Flamingo Resort: Opened by gangster Bugsy Siegel in 1945, The Flamingo was one of Vegas’s first ‘entertainment resorts’. The city’s casino trade was born as a way to entertain the hundreds of thousands of workers who built the nearby Hoover Dam. Last year, 42.5 million tourist visited the city from around the world — so it’s safe to say that business is good! The Flamingo recently refurbished its rooms, and with its modern grey and magenta decor, it’s the perfect central base for a girly break. (caesars.com/flamingo-las-vegas)

Where to eat/drink:

Matteo’s Ristorante Italiano: This Italian eatery in The Venetian hotel has a great selection of salads, pasta, fish and meat. I highly recommend the delicious tuna salad! (matteosindy.com)

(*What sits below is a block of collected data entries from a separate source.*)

(* Let $\varphi=\mathrm{vec}(A)$, $\varphi_0=\mathrm{vec}(A_0)$ with $A,A_0\in\mathbb{R}^{(p-r)\times r}$, $\|A\|_2<1$, $\|A_0\|_2<1$. If $$\|\sin\Theta\{U(\varphi),U(\varphi_0)\}\|_F\le\frac{(1-\|A_0\|_2^2)^2}{8(1+\|A_0\|_2^2)^2},$$ then $$\|\varphi-\varphi_0\|_2\le\sqrt2\Big\{1+\frac{32\sqrt2(1+\|A_0\|_2^2)^2}{(1-\|A_0\|_2^2)^2}\Big\}\|\sin\Theta\{U(\varphi),U(\varphi_0)\}\|_F .$$ Moreover, for all such $\varphi,\varphi_0$, $\|\sin\Theta\{U(\varphi),U(\varphi_0)\}\|_F\le4\|\varphi-\varphi_0\|_2$.
   Context: Fix $1\le r\le p$. For $A\in\mathbb{R}^{(p-r)\times r}$, $\varphi=\mathrm{vec}(A)$, $X_\varphi=\begin{bmatrix}0_{r\times r}&-A^{T}\\ A&0\end{bmatrix}$, $I_{p\times r}=\begin{bmatrix}I_r\\0\end{bmatrix}$, and $U(\varphi)=(I_p+X_\varphi)(I_p-X_\varphi)^{-1}I_{p\times r}\in\mathbb{O}(p,r)$ (Cayley parameterization; $\mathbb{O}(p,r)$ = $p\times r$ matrices with orthonormal columns). For $U,V\in\mathbb{O}(p,r)$ with singular values $\sigma_1\ge\dots\ge\sigma_r$ of $U^TV$, the canonical angles are $\theta_i=\arccos\sigma_i$ and $\|\sin\Theta(U,V)\|_F=(\sum_{i=1}^r\sin^2\theta_i)^{1/2}$. *)

From HB Require Import structures.
From mathcomp Require Import all_boot all_order all_algebra.
From mathcomp Require Import all_classical all_reals all_analysis.
Set Implicit Arguments. Unset Strict Implicit. Unset Printing Implicit Defensive.
Import Order.TTheory GRing.Theory Num.Theory.
Local Open Scope classical_set_scope.
Local Open Scope ring_scope.

Section Defs.
Variable R : realType.

Definition eucl n (v : 'cV[R]_n) : R := Num.sqrt (\sum_i v i 0 ^+ 2).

Tao Restaurant and Nightclub: Feast on succulent veggie dumplings, lobster fried rice, fresh sushi, plump, crispy sweet ‘n’ sour prawns and sticky teriyaki seabass under the giant Buddha at this renowned Asian bistro. Party with the beautiful people after hours, when it turns into a swanky nightclub. (taolasvegas.com)

What to see & do:

North Premium Outlets: With a great selection of designer and high-street shops, from Aldo to Armani, there are brilliant bargains to be nabbed here on bags, clothing and cosmetics. premiumoutlets.com

Atomic Saloon Show: This raucous Western-themed production involves impressive gymnastics, sexy pole-dancing, crass jokes and even a spot of Irish dancing. Not for the easily offended! spiegelworld.com/atomic-saloon-show

For more ideas on shopping, dining, tours, museums and sightseeing in Las Vegas, see visitlasvegas.com

NB: This feature originally appeared in The Herald.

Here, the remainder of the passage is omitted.